Journey 2: The Mysterious Island Review

Film Still
  • Journey 2: The Mysterious Island film still


3D CG creepy crawlies are positively Brandoesque next to the cardboard human characters.

2008's Journey to the Center of the Earth, a theme-park ride that adopted the form of a 3D B-movie, was a high-tempo action-adventure that played almost exclusively to its visceral strengths and easy charm. Again drawing inspiration from Jules Verne (famed author of 'The Mysterious Island' and '20,000 Leagues Under the Sea'), Journey 2 swiftly reveals itself to be too overloaded and too clunky to be worthy of the same faint praise bestowed upon its predecessor.

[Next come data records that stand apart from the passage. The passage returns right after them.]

(* The interval of the box of a vertex in coordinate k, coordinate 0 being e_1.
   - k = 0: a_(Some _) on [1,2], b_(Some _) on [2,3], a_None on [3,4] and
     b_None on [0,1]: the boxes of crown edges touch, and a_None, b_None are
     apart from each other and from the other vertices of their side.
   - k = 1: the b_(Some _) occupy disjoint slots, b_(0,false) the leftmost and
     b_(0,true) the rightmost one; a_(0,false) and a_(0,true) miss exactly these
     two slots, and all other a's span all slots.  When d = 1, a_(0,false) and
     a_(0,true) are also disjoint here.
   - k = j+1 >= 2: a_(j,true) and a_(j,false) sit at the two ends, apart from
     all other a's and missing b_(j,true) resp. b_(j,false); every other
     a_(j',s) sits in the middle at a place depending on s. *)
Definition crown_box (v : bool * option ('I_d * bool)) (k : nat) : nat * nat :=
  match k, v with
  | 0, (false, Some _) => (1, 2)
  | 0, (true, Some _) => (2, 3)
  | 0, (false, None) => (3, 4)
  | 0, (true, None) => (0, 1)
  | 1, (false, Some (j, s)) =>
      if val j == 0 then (if s then (0, 6 * d - 4) else (3, 6 * d)) else (0, 6 * d)
  | 1, (true, Some (j, s)) => (3 * slot j s + 1, 3 * slot j s + 2)
  | 1, (_, None) => (0, 6 * d)
  | m.+2, (false, Some (j, s)) =>
      if val j == m.+1 then (if s then (0, 1) else (9, 10)) else (if s then (2, 4) else (6, 8))
  | m.+2, (true, Some (j, s)) =>
      if val j == m.+1 then (if s then (2, 10) else (0, 8)) else (0, 10)
  | _.+2, (_, None) => (0, 10)
  end.

Definition overlap (I J : nat * nat) := (I.1 < J.2) && (J.1 < I.2).
Definition apart (I J : nat * nat) := (I.2 < J.1) || (J.2 < I.1).

Ltac box_cases := rewrite /crown_box /overlap /apart /slot /=; repeat case: eqP => //=; lia.

Lemma crown_box_proper v k : (crown_box v k).1 < (crown_box v k).2.
Proof. by case: v => [[] [[[j jd] []]|]]; case: k => [|[|k]]; box_cases. Qed.

Lemma crown_box_touch p q : p != q ->
  (crown_box (false, p) 0).2 = (crown_box (true, q) 0).1 \/
  (crown_box (true, q) 0).2 = (crown_box (false, p) 0).1.
Proof. by case: p q => [p|] [q|] //= _; [left | right | right]. Qed.

Lemma some_pair_eq (j j' : 'I_d) (s s' : bool) :
  (Some (j, s) == Some (j', s')) = (val j == val j') && (s == s').
Proof. by rewrite (inj_eq (@Some_inj _)) xpair_eqE. Qed.

Lemma crown_box_overlap p q k : p != q -> 0 < k <= d ->
  overlap (crown_box (false, p) k) (crown_box (true, q) k).
Proof.
case: k => [|[|k]] // pq /andP[_ k_le];
  by case: p q pq => [[[j jd] []]|] [[[j' jd'] []]|] //; rewrite ?some_pair_eq; box_cases.
Qed.

Lemma crown_box_apart u v : u != v -> ~~ crown u v ->
  exists2 k, k <= d & apart (crown_box u k) (crown_box v k).
Proof.
case: u v => [s p] [t q]; rewrite /crown /= xpair_eqE !negb_and !negbK.
have [d1 | d2] := leqP d 1;
case: p q => [[[[|j] jd] []]|] [[[[|j'] jd'] []]|]; case: s t => [] [];
  rewrite ?some_pair_eq //= => uv sep;
  first [ by exists 0; box_cases | by exists 1; box_cases | by exists 2; box_cases
        | by exists j.+2; box_cases | by exists j'.+2; box_cases ].
Qed.

End CrownBoxes.

Lemma crown_CBU_succ (R : realType) d : (0 < d)%N ->
  CBU R d.+1 (@crown (option ('I_d * bool))).
Proof.
move=> d_gt0.
have i_le (i : 'I_d.+1) : (val i <= d)%N := ltn_ord i.
apply: (@CBU_of_touching_boxes R d _ _
          (fun v i => (crown_box v i).1%:R) (fun v i => (crown_box v i).2%:R)).
- by move=> v i; rewrite ltr_nat crown_box_proper.
- move=> [[] p] [[] q] _; rewrite /crown //= => pq.
    by rewrite eq_sym in pq; case: (crown_box_touch pq) => /= ->; [right | left].
  by case: (crown_box_touch pq) => /= ->; [left | right].
- move=> [[] p] [[] q] i _; rewrite /crown //= => pq i0;
    have ik : (0 < val i <= d)%N by rewrite lt0n i_le andbT.
    by rewrite eq_sym in pq; have /andP[o1 o2] := crown_box_overlap d_gt0 pq ik; rewrite !ltr_nat.
  by have /andP[o1 o2] := crown_box_overlap d_gt0 pq ik; rewrite !ltr_nat.
- move=> u v uv /(crown_box_apart d_gt0 uv) [k k_le sep]; exists (inord k).
  by rewrite inordK // !ltr_nat; apply/orP.
Qed.

Theorem mainTheorem7 (R : realType) (d : nat) (hd : (1 <= d)%N) :
  (forall (T : finType) (e : rel T), simple_graph e -> CBU R d e -> CBU R d.+1 e) /\
  (exists (T : finType) (e : rel T), simple_graph e /\ CBU R d.+1 e /\ ~ CBU R d e).
Proof.
split=> [T e _ | ]; first exact: CBU_succ.
exists _, (@crown (option ('I_d * bool))); split; first exact: crown_simple.
split; first exact: crown_CBU_succ.
by apply: crown_not_CBU; rewrite card_option card_prod card_ord card_bool; lia.
Qed.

When Sean (Josh Hutcherson) decodes a distress signal sent by his grandfather (Michael Caine) – the sole inhabitant of the eponymous Island – he sets off in an effort to find him. Assembling a motley crew that includes Sean's step-dad (Dwayne Johnson), a helicopter-pilot and his teenage daughter (Luis Guzman and Vanessa Hudgens), the film initially centers on the search for Sean's grandfather, then on their efforts to escape the island before sinks into the ocean. The island's vegetation and wildlife – much of it sci-fi-huge insects and creatures – must, of course, be negotiated in this humdrum race-against-the-clock adventure.

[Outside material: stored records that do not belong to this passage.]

Definition HTrue {V : Type} : hform V := HImp HBot HBot.
Definition HAll2 {V : Type} (B : V -> V -> hform V) : hform V :=
  HAll (fun a => HAll (fun b => B a b)).
Definition HAll3 {V : Type} (B : V -> V -> V -> hform V) : hform V :=
  HAll (fun a => HAll (fun b => HAll (fun c => B a b c))).
Definition HEx2 {V : Type} (B : V -> V -> hform V) : hform V :=
  HEx (fun a => HEx (fun b => B a b)).

Fixpoint HAndList {V : Type} (ps : list (hform V)) : hform V :=
  match ps with [] => HTrue | p :: ps => HAnd p (HAndList ps) end.

Fixpoint HExList {V : Type} (n : nat) (B : list V -> hform V) : hform V :=
  match n with 0 => B [] | S n => HEx (fun x => HExList n (fun xs => B (x :: xs))) end.

Definition Trivial {V : Type} : hform V :=
  HAnd (HAll2 (fun x y => HEq x y)) (HAll (fun x => HImp (HRel x x) HBot)).

(* The inner numeral rebinds [s] and [z] right after [w], so that at every depth
   it is a shifted copy of the same formula; see [ncode_S]. *)
Fixpoint Numeral {V : Type} (x : nat) (v s z : V) : hform V :=
  match x with
  | 0 => HLab z v v
  | S x => HEx (fun w => HAnd (HLab s w v) (HAll2 (fun s' z' =>
             HImp (HEq s' s) (HImp (HEq z' z) (Numeral x w s' z')))))
  end.

Section Atoms.
Context {V : Type} (s z : V) (lab : nat -> V) (ix : recf -> nat).

Definition Succ a b := HLab s a b.
Definition Zero a := HLab z a a.
Definition IsNat a := HLab (lab 0) a a.
Definition Less a b := HLab (lab 1) a b.
Definition Hd l a := HLab (lab 2) l a.
Definition Tl l l' := HLab (lab 3) l l'.
Definition Nil l := HLab (lab 4) l l.
Definition Call p l y := HLab (lab (5 + ix p)) l y.

Definition BaseAxioms : hform V :=
  HAnd (HEx (fun a => Zero a)) (
  HAnd (HAll2 (fun a b => HImp (Zero a) (HImp (Zero b) (HEq a b)))) (
  HAnd (HAll (fun a => HImp (Zero a) (IsNat a))) (
  HAnd (HAll (fun a => HImp (IsNat a) (HEx (fun b => Succ a b)))) (
  HAnd (HAll2 (fun a b => HImp (Succ a b) (IsNat b))) (
  HAnd (HAll3 (fun a b c => HImp (Succ a b) (HImp (Succ a c) (HEq b c)))) (
  HAnd (HAll3 (fun a b c => HImp (Succ a c) (HImp (Succ b c) (HEq a b)))) (
  HAnd (HAll2 (fun a b => HImp (Succ a b) (HImp (Zero b) HBot))) (
  HAnd (HAll2 (fun a b => HImp (IsNat a) (HImp (IsNat b)
         (HOr (Less a b) (HOr (HEq a b) (Less b a)))))) (
  HAnd (HAll2 (fun x a => HImp (Zero a) (HImp (Less x a) HBot))) (
  HAnd (HAll3 (fun x y sy => HImp (Succ y sy) (HImp (Less x sy) (HOr (Less x y) (HEq x y))))) (
  HAnd (HAll3 (fun l a b => HImp (Hd l a) (HImp (Hd l b) (HEq a b))))
       (HAll3 (fun l a b => HImp (Tl l a) (HImp (Tl l b) (HEq a b))))))))))))))).

Fixpoint NthIs (i : nat) (l y : V) : hform V :=
  match i with
  | 0 => Hd l y
  | S i => HEx (fun l' => HAnd (Tl l l') (NthIs i l' y))
  end.

Fixpoint MapCall (gs : list recf) (l l0 : V) : hform V :=
  match gs with
  | [] => Nil l0
  | g :: gs => HEx (fun w => HAnd (Hd l0 w) (HAnd (Call g l w)
                 (HEx (fun l1 => HAnd (Tl l0 l1) (MapCall gs l l1)))))
  end.

(* The rules of [eval] read backwards at [Call p l y]. *)
Definition Unfold (p : recf) (l y : V) : hform V :=
  match p with
  | RZero => Zero y
  | RSucc => HEx (fun x => HAnd (Hd l x) (Succ x y))
  | RProj i => NthIs i l y
  | RComp f gs => HEx (fun l0 => HAnd (MapCall gs l l0) (Call f l0 y))
  | RPrim f g => HEx2 (fun x l2 => HAnd (Hd l x) (HAnd (Tl l l2)
       (HOr (HAnd (Zero x) (Call f l2 y))
            (HEx (fun p => HEx (fun r => HEx (fun lp => HEx (fun lg => HEx (fun lg' =>
               HAnd (Succ p x) (HAnd (Hd lp p) (HAnd (Tl lp l2) (HAnd (Call (RPrim f g) lp r)
               (HAnd (Hd lg p) (HAnd (Tl lg lg') (HAnd (Hd lg' r) (HAnd (Tl lg' l2)
                 (Call g lg y)))))))))))))))))
  | RMu f => HAnd (IsNat y) (HAnd
       (HEx2 (fun l' z0 => HAnd (Hd l' y) (HAnd (Tl l' l) (HAnd (Zero z0) (Call f l' z0)))))
       (HAll (fun m => HImp (Less m y) (HEx (fun lm => HEx (fun k => HEx (fun sk =>
          HAnd (Hd lm m) (HAnd (Tl lm l) (HAnd (Succ k sk) (Call f lm sk))))))))))
  end.

Definition CallAx (p : recf) : hform V :=
  HAll2 (fun l y => HImp (Call p l y) (Unfold p l y)).

Definition Accepts (h : recf) (v : V) : hform V :=
  HEx (fun l => HEx (fun ln => HEx (fun o => HEx (fun z0 =>
    HAnd (Nil ln) (HAnd (Hd l v) (HAnd (Tl l ln)
      (HAnd (Zero z0) (HAnd (Succ z0 o) (Call h l o))))))))).

End Atoms.

Definition index_in (L : list recf) (p : recf) : nat :=
  epsilon (inhabits 0) (fun k => k < length L /\ nth k L RZero = p).

Lemma index_in_spec L p : In p L -> index_in L p < length L /\ nth (index_in L p) L RZero = p.
Proof.
  intro H. unfold index_in. apply epsilon_spec.
  apply (In_nth _ _ RZero) in H as [k [Hk E]]. now exists k.
Qed.

Definition AcceptRun {V : Type} (h : recf) (v s z : V) : hform V :=
  let L := subterms h in
  HExList (5 + length L) (fun labs => let lab k := nth k labs v in
    HAnd (BaseAxioms s z lab)
      (HAnd (HAndList (map (CallAx s z lab (index_in L)) L))
            (Accepts s z lab (index_in L) h v))).

Definition TrivialOrAccepts {V : Type} (h : recf) (x : nat) : hform V :=
  HOr Trivial (HEx (fun v => HEx (fun s => HEx (fun z =>
    HAnd (Numeral x v s z) (AcceptRun h v s z))))).

Ltac in_ctx := cbn; repeat (first [left; reflexivity | right]); auto.
Ltac hequiv_auto :=
  unfold HAll2, HAll3, HEx2, HTrue, Succ, Zero, IsNat, Less, Hd, Tl, Nil, Call in *;
  repeat match goal with
         | |- hequiv _ _ _ => constructor
         | |- forall _, _ => intro
         | |- In _ _ => in_ctx
         end.

Section Hequiv.
Context {D : Type}.

Lemma hequiv_Trivial (ctx : list (nat * D)) : hequiv ctx Trivial Trivial.
Proof. unfold Trivial. hequiv_auto. Qed.

Lemma hequiv_Numeral x : forall (ctx : list (nat * D)) v1 v2 s1 s2 z1 z2,
  In (v1, v2) ctx -> In (s1, s2) ctx -> In (z1, z2) ctx ->
  hequiv ctx (Numeral x v1 s1 z1) (Numeral x v2 s2 z2).
Proof. induction x; intros; cbn; hequiv_auto. apply IHx; in_ctx. Qed.

Section Labels.
Variables (ctx0 : list (nat * D)) (lab1 : nat -> nat) (lab2 : nat -> D) (ix : recf -> nat)
  (s1 z1 : nat) (s2 z2 : D).
Hypothesis Hlab : forall k, In (lab1 k, lab2 k) ctx0.
Hypothesis Hs : In (s1, s2) ctx0.
Hypothesis Hz : In (z1, z2) ctx0.

Lemma hequiv_BaseAxioms ctx :
  incl ctx0 ctx -> hequiv ctx (BaseAxioms s1 z1 lab1) (BaseAxioms s2 z2 lab2).
Proof.
  intro I. pose proof (fun k => I _ (Hlab k)). pose proof (I _ Hs). pose proof (I _ Hz).
  unfold BaseAxioms. hequiv_auto.
Qed.

Lemma hequiv_NthIs i : forall ctx l1 l2 y1 y2,
  incl ctx0 ctx -> In (l1, l2) ctx -> In (y1, y2) ctx ->
  hequiv ctx (NthIs lab1 i l1 y1) (NthIs lab2 i l2 y2).
Proof.
  induction i; intros ctx l1 l2 y1 y2 I H1 H2; pose proof (fun k => I _ (Hlab k)); cbn; hequiv_auto.
  apply IHi; [apply incl_tl, I | in_ctx | in_ctx].
Qed.

Lemma hequiv_MapCall gs : forall ctx l1 l2 y1 y2,
  incl ctx0 ctx -> In (l1, l2) ctx -> In (y1, y2) ctx ->
  hequiv ctx (MapCall lab1 ix gs l1 y1) (MapCall lab2 ix gs l2 y2).
Proof.
  induction gs; intros ctx l1 l2 y1 y2 I H1 H2; pose proof (fun k => I _ (Hlab k)); cbn;
    hequiv_auto.
  apply IHgs; [apply incl_tl, incl_tl, I | in_ctx | in_ctx].
Qed.

Lemma hequiv_CallAx ctx p :
  incl ctx0 ctx -> hequiv ctx (CallAx s1 z1 lab1 ix p) (CallAx s2 z2 lab2 ix p).
Proof.
  intro I. pose proof (fun k => I _ (Hlab k)). pose proof (I _ Hs). pose proof (I _ Hz).
  unfold CallAx. destruct p; unfold Unfold; hequiv_auto.
  - apply hequiv_NthIs; [apply incl_tl, incl_tl, I | in_ctx | in_ctx].
  - apply hequiv_MapCall; [apply incl_tl, incl_tl, incl_tl, I | in_ctx | in_ctx].
Qed.

Lemma hequiv_CallAxs ctx L : incl ctx0 ctx ->
  hequiv ctx (HAndList (map (CallAx s1 z1 lab1 ix) L)) (HAndList (map (CallAx s2 z2 lab2 ix) L)).
Proof.
  intro I. induction L; cbn; [unfold HTrue; hequiv_auto |].
  constructor; [apply hequiv_CallAx, I | exact IHL].
Qed.

Lemma hequiv_Accepts ctx h v1 v2 : incl ctx0 ctx -> In (v1, v2) ctx ->
  hequiv ctx (Accepts s1 z1 lab1 ix h v1) (Accepts s2 z2 lab2 ix h v2).
Proof.
  intros I Hv. pose proof (fun k => I _ (Hlab k)). pose proof (I _ Hs). pose proof (I _ Hz).
  unfold Accepts. hequiv_auto.
Qed.

End Labels.

Lemma hequiv_HExList n : forall (ctx : list (nat * D)) B1 B2,
  (forall ctx' xs1 xs2, incl ctx ctx' -> Forall2 (fun a b => In (a, b) ctx') xs1 xs2 ->
     hequiv ctx' (B1 xs1) (B2 xs2)) ->
  hequiv ctx (HExList n B1) (HExList n B2).
Proof.
  induction n; intros ctx B1 B2 H; cbn.
  - apply H; [apply incl_refl | constructor].
  - constructor. intro x. apply IHn. intros ctx' xs1 xs2 I F. apply H.
    + intros e He. apply I. now right.
    + constructor; [apply I; now left | exact F].
Qed.

Lemma hequiv_AcceptRun (ctx : list (nat * D)) h v1 v2 s1 s2 z1 z2 :
  In (v1, v2) ctx -> In (s1, s2) ctx -> In (z1, z2) ctx ->
  hequiv ctx (AcceptRun h v1 s1 z1) (AcceptRun h v2 s2 z2).
Proof.
  intros Hv Hs Hz. apply hequiv_HExList. intros ctx' xs1 xs2 I F.
  assert (Hlab : forall k, In (nth k xs1 v1, nth k xs2 v2) ctx').
  { intro k. revert k. induction F as [| a b xs1 xs2 Hab F IHF]; intros [| k]; cbn; auto. }
  constructor; [| constructor].
  - apply (hequiv_BaseAxioms ctx'); auto using incl_refl.
  - apply (hequiv_CallAxs ctx'); auto using incl_refl.
  - apply (hequiv_Accepts ctx'); auto using incl_refl.
Qed.

Lemma hequiv_TrivialOrAccepts h x : hequiv [] (TrivialOrAccepts h x) (@TrivialOrAccepts D h x).
Proof.
  constructor; [apply hequiv_Trivial |].
  repeat (constructor; intro). constructor.
  - apply hequiv_Numeral; in_ctx.
  - apply hequiv_AcceptRun; in_ctx.
Qed.

End Hequiv.

(** * Soundness *)

Section Soundness.
Context {D : Type} (R : D -> D -> Prop) (s z : D) (lab : nat -> D) (ix : recf -> nat)
  (L : list recf).
Hypothesis Hbase : hsem R (BaseAxioms s z lab).
Hypothesis Hcall : forall p, In p L -> hsem R (CallAx s z lab ix p).
Hypothesis HL : subterm_closed L.

Fixpoint is_num (n : nat) (e : D) : Prop :=
  match n with
  | 0 => lab_edge R z e e
  | S n => exists p, is_num n p /\ lab_edge R s p e
  end.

While the filmmakers have made an ill-advised attempt to give more motivation and back story to what is essentially another bland, 3D roller-coaster ride, they do however succeed in creating an impressive backdrop for the island's CG inhabitants. Alas, bumble bees big enough to carry two humans each and a lizard the size of a bus (fearsome, once awoken) are more convincingly-rendered than their human co-stars.

Journey 2's comic relief (there's lots of it, most of it unsuccessful) is left largely in the hands of a one-note Luis Guzman. Vanessa Hudgens – the only female in the film who's not Sean's mother – fills in Romantic Interest detail, while Dwayne Johnson showcases his unique abilities by demonstrating a series of ever-more-routine party-tricks: his popping pecs of love and ukulele-accompanied rendition of 'What a Wonderful World' are amongst the film's most cringe-inducing moments.

With the threat of yet another Verne-inspired sequel looming large in the film's final moments, one can't help but recall Anna Karina's line in Godard's Pierrot le Fou: "We've played Jules Verne too long..." Yes. We have. Enough already with these uninspiring jaunts – especially if no effort is going to be made to stimulate our curiosity and imagination in a way that would truly honour Verne's enchanting writings.


The sequel to a film which was itself an extended FX test reel? No thanks!



The 3D CG creepy crawlies are positively Brandoesque next to the cardboard human characters.